▶ **PROBLEM TO SOLVE**
Reproduce exactly the lines from the one containing "(forall i j, i" through the last line of the data, both ends included.

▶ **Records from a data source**
----------
(* Let $(M,\rho)$ be a metric space and $f:[a,b]\to M$. If $md(f,x)$ exists for every $x\in[a,b]$ and $x\mapsto md(f,x)$ is Lebesgue integrable on $[a,b]$, then $f$ is absolutely continuous on $[a,b]$.
   Context: $md(f,x)=\lim_{t\to0,\ x+t\in[a,b]}\rho(f(x+t),f(x))/|t|$ when it exists (finite). Absolute continuity of $f$: for every $\varepsilon>0$ there is $\delta>0$ such that for non-overlapping intervals $[a_i,b_i]\subset[a,b]$ with $\sum_i(b_i-a_i)<\delta$ one has $\sum_i\rho(f(b_i),f(a_i))<\varepsilon$. *)

From HB Require Import structures.
From mathcomp Require Import all_boot all_order all_algebra.
From mathcomp Require Import all_classical all_reals all_analysis.
Set Implicit Arguments. Unset Strict Implicit. Unset Printing Implicit Defensive.
Import Order.TTheory GRing.Theory Num.Theory.
Import numFieldNormedType.Exports.
Local Open Scope classical_set_scope.
Local Open Scope ring_scope.

Definition is_metric (R : realType) (M : Type) (rho : M -> M -> R) : Prop :=
  [/\ forall x y, 0 <= rho x y,
      forall x y, rho x y = 0 <-> x = y,
      forall x y, rho x y = rho y x &
      forall x y z, rho x z <= rho x y + rho y z].

Definition md_is (R : realType) (M : Type) (rho : M -> M -> R)
  (a b : R) (f : R -> M) (x l : R) : Prop :=
  (fun t => rho (f (x + t)) (f x) / `|t|)
    @ within [set t | t != 0 /\ a <= x + t <= b] (nbhs (0 : R)) --> l.

Definition abs_cont_metric (R : realType) (M : Type) (rho : M -> M -> R)
  (a b : R) (f : R -> M) : Prop :=
  forall eps : R, 0 < eps -> exists2 delta : R, 0 < delta &
    forall (n : nat) (ai bi : 'I_n -> R),
      (forall i, a <= ai i /\ ai i <= bi i /\ bi i <= b) ->
      (forall i j, i != j -> bi i <= ai j \/ bi j <= ai i) ->
      \sum_(i < n) (bi i - ai i) < delta ->
      \sum_(i < n) rho (f (bi i)) (f (ai i)) < eps.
----------
▶ **TASK RESPONSE**
      (forall i j, i != j -> bi i <= ai j \/ bi j <= ai i) ->
      \sum_(i < n) (bi i - ai i) < delta ->
      \sum_(i < n) rho (f (bi i)) (f (ai i)) < eps.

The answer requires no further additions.